** DESCRIPTION OF THE TASK **
Although the data below holds other lines too, output only those from the line with "forall x : D, x != 0 -> exists" up to and including the line with "exists e, lattice_basis O e /\", exactly as they appear.

** MATERIAL SUPPLIED **
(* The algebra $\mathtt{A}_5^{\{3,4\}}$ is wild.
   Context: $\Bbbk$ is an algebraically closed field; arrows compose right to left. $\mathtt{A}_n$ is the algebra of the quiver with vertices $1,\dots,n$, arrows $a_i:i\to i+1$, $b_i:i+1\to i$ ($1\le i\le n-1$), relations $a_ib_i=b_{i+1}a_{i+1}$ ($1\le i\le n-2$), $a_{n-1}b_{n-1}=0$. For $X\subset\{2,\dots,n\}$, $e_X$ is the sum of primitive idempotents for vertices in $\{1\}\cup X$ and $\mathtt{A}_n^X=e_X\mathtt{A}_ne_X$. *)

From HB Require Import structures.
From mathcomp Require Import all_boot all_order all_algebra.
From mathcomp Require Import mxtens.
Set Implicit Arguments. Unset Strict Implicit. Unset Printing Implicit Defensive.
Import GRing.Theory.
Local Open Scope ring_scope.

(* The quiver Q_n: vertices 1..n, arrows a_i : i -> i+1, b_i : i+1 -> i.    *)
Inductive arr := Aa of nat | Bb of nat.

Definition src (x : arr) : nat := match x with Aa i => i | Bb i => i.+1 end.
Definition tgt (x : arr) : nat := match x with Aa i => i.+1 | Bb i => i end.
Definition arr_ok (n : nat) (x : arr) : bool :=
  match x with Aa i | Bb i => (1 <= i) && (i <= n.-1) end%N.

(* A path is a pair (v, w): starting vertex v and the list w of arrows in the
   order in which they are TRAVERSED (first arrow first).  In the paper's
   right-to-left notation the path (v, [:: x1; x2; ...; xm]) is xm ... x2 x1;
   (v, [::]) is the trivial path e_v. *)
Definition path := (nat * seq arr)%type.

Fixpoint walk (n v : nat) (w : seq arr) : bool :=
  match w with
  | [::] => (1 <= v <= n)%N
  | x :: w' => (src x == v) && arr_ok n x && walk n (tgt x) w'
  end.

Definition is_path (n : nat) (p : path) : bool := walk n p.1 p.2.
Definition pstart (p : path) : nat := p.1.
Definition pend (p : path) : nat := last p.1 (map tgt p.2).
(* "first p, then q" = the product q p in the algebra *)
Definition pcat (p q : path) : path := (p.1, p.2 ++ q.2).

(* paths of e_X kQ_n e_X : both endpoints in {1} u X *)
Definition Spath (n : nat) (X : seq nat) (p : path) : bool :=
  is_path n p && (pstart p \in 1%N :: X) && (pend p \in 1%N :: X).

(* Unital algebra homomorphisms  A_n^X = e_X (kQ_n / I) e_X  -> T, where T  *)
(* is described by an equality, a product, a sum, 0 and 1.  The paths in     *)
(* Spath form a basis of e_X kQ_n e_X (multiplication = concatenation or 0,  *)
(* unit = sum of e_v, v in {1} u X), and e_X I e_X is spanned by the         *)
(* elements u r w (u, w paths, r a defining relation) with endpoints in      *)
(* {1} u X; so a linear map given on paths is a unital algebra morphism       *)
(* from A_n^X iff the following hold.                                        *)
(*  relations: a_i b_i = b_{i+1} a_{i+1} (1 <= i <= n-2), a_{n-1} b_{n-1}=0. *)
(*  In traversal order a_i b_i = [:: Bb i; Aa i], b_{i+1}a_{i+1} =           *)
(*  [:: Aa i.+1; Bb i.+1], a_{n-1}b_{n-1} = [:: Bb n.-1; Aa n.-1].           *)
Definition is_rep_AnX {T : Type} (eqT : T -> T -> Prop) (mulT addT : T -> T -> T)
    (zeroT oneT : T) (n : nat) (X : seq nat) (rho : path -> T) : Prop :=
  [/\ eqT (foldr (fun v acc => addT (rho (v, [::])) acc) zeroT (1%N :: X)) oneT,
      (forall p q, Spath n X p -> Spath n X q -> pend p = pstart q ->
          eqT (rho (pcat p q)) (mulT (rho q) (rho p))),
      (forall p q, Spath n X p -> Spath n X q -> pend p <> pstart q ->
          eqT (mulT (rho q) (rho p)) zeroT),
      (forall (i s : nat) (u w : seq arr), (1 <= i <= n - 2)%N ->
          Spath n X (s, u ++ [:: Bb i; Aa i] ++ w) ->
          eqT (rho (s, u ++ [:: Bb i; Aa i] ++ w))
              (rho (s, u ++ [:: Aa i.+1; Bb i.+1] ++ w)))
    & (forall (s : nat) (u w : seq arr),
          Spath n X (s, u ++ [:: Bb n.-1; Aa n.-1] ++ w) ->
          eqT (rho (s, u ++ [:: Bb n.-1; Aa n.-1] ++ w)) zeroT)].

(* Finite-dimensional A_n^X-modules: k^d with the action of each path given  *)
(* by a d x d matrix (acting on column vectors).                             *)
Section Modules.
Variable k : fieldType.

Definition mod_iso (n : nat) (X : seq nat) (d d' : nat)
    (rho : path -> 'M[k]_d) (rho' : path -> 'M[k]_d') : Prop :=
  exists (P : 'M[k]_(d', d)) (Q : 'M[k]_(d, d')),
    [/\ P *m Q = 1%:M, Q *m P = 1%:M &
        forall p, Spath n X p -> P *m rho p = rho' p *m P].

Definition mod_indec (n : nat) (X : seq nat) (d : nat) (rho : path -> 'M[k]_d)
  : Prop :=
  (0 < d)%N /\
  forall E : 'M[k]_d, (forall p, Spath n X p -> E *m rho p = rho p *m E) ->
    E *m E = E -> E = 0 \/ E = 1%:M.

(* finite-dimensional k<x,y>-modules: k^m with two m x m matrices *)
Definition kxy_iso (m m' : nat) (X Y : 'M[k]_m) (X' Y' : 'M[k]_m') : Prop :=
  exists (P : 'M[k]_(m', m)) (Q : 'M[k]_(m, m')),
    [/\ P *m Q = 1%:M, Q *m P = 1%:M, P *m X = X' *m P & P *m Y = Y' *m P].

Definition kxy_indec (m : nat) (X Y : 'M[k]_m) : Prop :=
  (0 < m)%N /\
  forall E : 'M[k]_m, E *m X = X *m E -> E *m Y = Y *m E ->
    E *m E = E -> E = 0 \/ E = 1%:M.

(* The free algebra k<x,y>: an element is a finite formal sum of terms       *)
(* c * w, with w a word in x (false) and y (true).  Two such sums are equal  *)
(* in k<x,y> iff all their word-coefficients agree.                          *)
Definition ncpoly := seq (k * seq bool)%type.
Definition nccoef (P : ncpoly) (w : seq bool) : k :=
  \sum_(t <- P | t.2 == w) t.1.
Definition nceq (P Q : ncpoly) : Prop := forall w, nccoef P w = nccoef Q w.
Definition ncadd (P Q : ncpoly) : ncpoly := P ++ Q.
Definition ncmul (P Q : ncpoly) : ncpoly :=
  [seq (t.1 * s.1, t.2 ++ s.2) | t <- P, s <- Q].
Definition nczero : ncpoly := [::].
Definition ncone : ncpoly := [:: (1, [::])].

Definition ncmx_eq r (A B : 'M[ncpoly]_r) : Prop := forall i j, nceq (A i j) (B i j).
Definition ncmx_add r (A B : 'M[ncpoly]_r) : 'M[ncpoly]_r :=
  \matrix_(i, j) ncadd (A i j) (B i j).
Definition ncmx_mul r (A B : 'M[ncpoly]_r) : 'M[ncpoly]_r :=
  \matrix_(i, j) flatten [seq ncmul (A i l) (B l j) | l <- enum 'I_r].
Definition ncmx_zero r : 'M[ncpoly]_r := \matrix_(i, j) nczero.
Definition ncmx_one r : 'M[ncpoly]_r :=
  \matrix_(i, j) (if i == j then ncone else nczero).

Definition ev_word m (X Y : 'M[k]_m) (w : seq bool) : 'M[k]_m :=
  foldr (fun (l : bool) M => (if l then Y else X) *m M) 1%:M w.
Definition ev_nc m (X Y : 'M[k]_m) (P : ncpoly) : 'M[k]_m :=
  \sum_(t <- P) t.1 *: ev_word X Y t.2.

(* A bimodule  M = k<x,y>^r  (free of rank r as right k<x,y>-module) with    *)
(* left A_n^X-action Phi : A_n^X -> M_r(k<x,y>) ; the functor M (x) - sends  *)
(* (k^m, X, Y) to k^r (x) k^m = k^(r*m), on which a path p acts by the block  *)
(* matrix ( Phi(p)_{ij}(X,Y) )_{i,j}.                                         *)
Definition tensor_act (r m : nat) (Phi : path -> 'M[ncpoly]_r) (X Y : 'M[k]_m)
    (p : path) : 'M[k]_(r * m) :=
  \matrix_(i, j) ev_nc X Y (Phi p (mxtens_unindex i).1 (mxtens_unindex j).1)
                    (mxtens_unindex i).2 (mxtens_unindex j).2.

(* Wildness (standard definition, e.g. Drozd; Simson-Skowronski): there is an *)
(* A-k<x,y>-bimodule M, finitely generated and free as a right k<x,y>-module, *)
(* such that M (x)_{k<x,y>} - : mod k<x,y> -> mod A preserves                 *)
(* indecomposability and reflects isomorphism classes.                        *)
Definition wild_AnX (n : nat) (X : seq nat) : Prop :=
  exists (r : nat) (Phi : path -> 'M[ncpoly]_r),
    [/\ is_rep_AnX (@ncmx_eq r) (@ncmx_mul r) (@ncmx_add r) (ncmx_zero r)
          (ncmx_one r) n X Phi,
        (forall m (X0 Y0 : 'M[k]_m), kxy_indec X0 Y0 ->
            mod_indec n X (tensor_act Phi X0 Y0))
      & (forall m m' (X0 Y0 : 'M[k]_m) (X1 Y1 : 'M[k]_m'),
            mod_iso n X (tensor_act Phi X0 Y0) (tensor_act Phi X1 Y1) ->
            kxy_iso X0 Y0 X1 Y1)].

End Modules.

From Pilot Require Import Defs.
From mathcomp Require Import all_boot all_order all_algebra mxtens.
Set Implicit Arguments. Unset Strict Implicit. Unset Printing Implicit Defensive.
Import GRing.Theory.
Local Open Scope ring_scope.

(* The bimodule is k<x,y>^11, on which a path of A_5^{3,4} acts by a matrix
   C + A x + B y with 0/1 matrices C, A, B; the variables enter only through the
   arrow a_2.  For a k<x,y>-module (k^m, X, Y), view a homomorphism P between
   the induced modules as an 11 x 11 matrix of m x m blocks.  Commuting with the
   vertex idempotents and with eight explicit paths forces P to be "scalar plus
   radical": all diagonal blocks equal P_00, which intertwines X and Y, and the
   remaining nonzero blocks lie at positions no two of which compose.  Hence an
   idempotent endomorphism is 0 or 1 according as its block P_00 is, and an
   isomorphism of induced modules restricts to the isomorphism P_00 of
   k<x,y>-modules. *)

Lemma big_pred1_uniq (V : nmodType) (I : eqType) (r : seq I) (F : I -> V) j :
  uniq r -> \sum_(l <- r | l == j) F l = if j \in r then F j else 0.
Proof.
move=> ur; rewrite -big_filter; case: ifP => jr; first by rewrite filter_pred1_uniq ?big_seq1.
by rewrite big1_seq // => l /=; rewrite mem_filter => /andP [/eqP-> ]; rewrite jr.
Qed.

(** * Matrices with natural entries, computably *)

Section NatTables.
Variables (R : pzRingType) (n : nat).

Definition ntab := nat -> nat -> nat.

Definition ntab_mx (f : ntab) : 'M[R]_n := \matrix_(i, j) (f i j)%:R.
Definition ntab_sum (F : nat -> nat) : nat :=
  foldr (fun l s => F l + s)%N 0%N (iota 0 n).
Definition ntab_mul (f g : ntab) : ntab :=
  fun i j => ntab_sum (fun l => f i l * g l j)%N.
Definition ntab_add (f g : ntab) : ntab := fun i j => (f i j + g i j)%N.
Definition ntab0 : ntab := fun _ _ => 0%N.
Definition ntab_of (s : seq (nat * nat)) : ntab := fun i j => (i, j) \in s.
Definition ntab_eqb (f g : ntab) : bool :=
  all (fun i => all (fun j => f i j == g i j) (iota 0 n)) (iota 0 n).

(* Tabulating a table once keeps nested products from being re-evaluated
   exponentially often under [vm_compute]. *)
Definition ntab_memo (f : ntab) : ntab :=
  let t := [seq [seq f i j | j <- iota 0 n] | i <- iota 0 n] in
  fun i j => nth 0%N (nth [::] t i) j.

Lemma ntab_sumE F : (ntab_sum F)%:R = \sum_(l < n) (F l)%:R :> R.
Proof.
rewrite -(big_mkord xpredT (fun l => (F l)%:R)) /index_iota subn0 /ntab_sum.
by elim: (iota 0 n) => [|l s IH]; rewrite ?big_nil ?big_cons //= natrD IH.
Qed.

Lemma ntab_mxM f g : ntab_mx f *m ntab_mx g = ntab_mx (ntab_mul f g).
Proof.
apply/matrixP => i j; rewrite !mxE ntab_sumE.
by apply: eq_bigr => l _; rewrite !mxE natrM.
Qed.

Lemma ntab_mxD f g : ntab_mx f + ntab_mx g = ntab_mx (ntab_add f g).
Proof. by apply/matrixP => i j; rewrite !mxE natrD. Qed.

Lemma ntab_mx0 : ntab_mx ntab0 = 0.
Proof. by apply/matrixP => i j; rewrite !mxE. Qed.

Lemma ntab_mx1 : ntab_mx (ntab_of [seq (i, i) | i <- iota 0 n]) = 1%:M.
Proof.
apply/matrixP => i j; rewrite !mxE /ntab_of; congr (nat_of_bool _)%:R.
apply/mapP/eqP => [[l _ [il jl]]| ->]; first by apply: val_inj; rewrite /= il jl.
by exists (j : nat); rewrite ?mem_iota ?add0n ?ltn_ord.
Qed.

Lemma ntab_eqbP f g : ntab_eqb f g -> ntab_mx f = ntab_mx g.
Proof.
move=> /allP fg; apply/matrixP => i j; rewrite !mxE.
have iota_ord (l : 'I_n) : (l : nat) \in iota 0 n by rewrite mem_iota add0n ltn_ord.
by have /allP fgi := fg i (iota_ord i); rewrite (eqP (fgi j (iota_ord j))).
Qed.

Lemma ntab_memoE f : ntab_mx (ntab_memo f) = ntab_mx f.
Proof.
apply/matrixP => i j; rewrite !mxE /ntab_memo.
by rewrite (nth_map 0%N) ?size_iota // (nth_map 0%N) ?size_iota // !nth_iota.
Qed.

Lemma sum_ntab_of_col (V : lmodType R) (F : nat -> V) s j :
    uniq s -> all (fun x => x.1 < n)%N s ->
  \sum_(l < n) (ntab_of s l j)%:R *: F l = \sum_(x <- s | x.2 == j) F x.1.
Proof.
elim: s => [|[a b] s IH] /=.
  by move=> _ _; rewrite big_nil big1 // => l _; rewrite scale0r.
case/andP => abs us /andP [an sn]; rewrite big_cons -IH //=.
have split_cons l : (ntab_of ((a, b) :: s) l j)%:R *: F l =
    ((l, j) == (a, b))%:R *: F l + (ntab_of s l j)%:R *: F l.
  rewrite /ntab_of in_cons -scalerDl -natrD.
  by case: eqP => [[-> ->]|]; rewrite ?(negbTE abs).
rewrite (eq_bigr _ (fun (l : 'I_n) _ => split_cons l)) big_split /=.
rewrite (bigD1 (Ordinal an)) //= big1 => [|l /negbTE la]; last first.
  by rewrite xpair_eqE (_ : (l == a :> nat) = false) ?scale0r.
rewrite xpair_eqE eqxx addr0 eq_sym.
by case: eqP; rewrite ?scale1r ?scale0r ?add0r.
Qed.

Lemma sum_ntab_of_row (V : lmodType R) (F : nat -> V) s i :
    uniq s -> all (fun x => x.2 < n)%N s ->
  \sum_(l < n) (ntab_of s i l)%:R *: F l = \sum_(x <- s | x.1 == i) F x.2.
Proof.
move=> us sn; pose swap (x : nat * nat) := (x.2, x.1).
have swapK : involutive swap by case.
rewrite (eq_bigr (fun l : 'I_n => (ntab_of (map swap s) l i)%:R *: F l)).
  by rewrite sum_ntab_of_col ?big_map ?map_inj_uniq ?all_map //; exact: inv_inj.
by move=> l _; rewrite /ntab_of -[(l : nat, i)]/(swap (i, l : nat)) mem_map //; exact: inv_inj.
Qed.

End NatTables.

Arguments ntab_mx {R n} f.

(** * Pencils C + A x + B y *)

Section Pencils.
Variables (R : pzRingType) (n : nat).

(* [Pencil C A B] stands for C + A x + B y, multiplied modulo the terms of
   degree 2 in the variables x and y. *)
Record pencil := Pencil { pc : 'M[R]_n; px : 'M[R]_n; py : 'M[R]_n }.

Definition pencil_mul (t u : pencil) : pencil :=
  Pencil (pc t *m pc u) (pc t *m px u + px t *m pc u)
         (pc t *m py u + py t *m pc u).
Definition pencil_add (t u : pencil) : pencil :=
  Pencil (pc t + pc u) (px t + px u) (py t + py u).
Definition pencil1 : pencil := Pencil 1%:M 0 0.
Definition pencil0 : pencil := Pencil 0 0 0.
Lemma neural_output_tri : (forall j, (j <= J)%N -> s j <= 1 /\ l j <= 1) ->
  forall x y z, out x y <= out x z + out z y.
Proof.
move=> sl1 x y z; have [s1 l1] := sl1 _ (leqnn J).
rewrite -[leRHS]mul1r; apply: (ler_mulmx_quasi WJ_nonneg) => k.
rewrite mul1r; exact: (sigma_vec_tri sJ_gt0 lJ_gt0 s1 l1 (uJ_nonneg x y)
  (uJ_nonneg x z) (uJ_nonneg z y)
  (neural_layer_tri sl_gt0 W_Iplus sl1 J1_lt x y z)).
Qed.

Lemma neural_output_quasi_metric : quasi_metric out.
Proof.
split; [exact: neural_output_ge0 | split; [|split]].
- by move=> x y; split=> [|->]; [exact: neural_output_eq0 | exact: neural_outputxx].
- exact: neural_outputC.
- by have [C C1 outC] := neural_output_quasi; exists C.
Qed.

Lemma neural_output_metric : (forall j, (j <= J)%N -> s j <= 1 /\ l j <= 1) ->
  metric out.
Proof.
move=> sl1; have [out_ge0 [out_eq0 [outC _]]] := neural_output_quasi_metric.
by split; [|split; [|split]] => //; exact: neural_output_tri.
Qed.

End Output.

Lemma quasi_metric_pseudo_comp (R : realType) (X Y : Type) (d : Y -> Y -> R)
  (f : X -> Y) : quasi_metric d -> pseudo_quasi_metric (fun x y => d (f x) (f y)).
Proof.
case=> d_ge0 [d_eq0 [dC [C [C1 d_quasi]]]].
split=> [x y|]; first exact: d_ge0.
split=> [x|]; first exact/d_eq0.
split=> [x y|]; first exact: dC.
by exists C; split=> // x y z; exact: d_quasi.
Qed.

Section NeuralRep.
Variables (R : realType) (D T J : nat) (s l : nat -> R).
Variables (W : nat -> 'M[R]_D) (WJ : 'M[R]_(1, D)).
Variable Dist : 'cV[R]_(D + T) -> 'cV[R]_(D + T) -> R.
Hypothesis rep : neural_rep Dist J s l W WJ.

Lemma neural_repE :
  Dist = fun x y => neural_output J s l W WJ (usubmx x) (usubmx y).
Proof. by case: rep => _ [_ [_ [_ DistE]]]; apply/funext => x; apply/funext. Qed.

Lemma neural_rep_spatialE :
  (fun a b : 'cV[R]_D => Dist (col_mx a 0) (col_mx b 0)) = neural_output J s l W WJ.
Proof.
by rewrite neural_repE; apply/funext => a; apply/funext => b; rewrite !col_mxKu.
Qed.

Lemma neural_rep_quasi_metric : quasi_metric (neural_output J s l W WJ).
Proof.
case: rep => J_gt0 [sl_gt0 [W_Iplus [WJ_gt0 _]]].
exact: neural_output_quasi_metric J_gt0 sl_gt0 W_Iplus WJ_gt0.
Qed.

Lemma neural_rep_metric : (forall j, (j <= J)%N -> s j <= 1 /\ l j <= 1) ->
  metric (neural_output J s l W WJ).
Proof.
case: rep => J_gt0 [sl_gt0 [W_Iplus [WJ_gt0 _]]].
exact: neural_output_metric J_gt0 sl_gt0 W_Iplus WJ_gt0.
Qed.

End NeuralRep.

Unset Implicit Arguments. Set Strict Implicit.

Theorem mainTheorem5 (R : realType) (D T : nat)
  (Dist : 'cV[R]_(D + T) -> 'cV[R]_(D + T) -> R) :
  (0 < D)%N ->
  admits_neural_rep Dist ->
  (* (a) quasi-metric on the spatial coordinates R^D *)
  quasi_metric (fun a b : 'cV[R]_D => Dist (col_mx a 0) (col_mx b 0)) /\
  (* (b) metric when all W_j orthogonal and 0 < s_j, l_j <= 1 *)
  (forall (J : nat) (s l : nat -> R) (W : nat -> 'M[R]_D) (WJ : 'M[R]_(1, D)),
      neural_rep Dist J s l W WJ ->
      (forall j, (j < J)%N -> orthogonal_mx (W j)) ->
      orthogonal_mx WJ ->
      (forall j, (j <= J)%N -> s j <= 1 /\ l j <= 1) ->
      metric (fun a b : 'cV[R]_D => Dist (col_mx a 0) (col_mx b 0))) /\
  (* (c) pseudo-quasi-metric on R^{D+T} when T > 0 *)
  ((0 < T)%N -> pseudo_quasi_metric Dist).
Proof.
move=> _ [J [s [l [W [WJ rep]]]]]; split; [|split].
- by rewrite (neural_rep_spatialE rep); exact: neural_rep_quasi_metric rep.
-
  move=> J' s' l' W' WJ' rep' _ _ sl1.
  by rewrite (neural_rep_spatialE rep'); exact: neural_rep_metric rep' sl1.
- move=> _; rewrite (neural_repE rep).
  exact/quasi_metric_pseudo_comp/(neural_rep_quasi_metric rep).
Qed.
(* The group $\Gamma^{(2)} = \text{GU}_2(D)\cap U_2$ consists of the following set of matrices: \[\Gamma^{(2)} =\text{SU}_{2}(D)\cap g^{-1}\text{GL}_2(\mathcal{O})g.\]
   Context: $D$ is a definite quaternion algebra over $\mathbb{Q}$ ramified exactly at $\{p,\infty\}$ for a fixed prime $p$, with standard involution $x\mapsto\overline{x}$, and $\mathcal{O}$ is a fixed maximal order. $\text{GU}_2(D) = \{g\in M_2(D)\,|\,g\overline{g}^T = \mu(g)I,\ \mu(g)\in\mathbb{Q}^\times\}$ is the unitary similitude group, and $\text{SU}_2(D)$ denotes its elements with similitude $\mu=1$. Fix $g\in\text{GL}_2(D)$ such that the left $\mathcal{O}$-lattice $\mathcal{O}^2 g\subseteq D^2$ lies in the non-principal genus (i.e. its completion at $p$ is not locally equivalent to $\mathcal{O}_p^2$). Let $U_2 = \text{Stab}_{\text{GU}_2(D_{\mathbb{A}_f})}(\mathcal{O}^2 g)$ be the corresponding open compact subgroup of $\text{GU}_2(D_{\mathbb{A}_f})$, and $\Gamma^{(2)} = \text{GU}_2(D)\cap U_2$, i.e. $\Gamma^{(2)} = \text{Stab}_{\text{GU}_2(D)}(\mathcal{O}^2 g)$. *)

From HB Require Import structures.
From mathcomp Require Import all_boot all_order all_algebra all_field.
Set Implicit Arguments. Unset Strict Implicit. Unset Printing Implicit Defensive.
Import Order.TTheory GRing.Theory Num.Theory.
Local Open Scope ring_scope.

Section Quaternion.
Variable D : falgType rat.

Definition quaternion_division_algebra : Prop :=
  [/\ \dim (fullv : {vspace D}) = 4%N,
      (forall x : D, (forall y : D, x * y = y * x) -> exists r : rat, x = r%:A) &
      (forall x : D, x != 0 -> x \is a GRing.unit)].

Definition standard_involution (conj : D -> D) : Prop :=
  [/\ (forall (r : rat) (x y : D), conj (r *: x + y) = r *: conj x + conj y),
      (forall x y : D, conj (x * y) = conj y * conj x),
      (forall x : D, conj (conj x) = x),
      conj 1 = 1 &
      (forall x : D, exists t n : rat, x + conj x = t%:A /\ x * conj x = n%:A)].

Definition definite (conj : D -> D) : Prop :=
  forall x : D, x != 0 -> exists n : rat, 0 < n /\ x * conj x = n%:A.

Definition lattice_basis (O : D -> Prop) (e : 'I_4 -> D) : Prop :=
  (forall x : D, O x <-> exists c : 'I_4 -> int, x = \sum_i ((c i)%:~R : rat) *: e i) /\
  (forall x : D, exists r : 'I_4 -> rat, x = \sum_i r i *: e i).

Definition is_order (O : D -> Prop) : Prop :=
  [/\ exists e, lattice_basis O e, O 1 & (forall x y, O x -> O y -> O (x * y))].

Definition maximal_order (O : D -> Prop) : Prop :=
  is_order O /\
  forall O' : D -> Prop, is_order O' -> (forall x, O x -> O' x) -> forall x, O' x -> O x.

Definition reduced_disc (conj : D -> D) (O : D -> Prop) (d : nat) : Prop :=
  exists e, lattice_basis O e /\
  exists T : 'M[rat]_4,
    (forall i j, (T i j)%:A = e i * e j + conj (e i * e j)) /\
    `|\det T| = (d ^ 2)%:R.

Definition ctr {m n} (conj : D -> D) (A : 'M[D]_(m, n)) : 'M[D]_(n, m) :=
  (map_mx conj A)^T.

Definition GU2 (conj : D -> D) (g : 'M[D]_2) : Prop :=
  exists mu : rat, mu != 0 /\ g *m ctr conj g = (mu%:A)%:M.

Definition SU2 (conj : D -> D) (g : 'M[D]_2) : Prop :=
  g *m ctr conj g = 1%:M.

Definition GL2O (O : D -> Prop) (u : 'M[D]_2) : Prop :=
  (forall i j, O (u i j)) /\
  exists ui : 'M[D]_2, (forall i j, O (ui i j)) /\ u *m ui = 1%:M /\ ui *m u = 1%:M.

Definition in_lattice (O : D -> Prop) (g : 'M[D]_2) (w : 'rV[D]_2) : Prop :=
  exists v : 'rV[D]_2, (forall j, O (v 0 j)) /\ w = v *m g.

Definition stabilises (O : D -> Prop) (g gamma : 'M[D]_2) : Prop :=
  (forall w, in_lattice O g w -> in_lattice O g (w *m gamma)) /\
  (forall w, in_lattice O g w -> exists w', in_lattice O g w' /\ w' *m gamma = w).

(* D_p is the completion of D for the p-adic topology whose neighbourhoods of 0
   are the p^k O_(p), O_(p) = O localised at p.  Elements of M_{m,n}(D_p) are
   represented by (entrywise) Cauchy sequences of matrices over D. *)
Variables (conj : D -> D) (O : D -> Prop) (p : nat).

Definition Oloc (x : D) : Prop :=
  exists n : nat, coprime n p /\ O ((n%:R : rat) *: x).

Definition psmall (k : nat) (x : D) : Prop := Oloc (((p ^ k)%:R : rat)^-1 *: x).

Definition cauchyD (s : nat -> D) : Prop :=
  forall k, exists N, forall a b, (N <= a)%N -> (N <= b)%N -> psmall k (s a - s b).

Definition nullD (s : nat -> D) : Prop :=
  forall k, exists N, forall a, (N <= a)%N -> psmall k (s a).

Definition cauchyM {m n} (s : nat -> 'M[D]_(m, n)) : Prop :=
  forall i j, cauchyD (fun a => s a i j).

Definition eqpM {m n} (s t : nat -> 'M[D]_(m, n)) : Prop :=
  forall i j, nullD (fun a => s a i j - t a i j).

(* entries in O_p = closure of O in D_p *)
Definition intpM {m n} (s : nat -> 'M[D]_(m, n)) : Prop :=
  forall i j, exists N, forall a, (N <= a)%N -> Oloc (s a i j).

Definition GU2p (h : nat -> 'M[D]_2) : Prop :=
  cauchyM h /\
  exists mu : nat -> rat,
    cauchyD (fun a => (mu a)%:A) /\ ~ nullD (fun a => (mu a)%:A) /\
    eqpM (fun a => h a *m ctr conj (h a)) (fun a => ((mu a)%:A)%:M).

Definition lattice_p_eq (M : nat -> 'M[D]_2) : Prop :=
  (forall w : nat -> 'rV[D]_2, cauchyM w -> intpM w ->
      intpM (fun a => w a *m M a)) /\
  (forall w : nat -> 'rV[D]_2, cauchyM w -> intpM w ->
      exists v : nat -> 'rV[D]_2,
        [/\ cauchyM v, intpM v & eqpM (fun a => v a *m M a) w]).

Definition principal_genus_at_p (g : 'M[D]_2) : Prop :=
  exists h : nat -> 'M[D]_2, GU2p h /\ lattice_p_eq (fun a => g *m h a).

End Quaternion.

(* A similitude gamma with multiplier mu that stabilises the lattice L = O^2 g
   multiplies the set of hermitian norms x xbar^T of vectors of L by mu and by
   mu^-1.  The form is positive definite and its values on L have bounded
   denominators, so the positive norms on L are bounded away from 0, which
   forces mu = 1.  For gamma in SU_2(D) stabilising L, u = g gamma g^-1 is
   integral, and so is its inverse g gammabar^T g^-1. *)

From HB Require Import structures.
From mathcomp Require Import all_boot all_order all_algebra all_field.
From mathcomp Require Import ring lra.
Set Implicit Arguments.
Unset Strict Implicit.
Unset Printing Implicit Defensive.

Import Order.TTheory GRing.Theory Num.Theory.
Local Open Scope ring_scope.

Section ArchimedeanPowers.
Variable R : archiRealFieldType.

** ANSWER AREA **
  forall x : D, x != 0 -> exists n : rat, 0 < n /\ x * conj x = n%:A.

Definition lattice_basis (O : D -> Prop) (e : 'I_4 -> D) : Prop :=
  (forall x : D, O x <-> exists c : 'I_4 -> int, x = \sum_i ((c i)%:~R : rat) *: e i) /\
  (forall x : D, exists r : 'I_4 -> rat, x = \sum_i r i *: e i).

Definition is_order (O : D -> Prop) : Prop :=
  [/\ exists e, lattice_basis O e, O 1 & (forall x y, O x -> O y -> O (x * y))].

Definition maximal_order (O : D -> Prop) : Prop :=
  is_order O /\
  forall O' : D -> Prop, is_order O' -> (forall x, O x -> O' x) -> forall x, O' x -> O x.

Definition reduced_disc (conj : D -> D) (O : D -> Prop) (d : nat) : Prop :=
  exists e, lattice_basis O e /\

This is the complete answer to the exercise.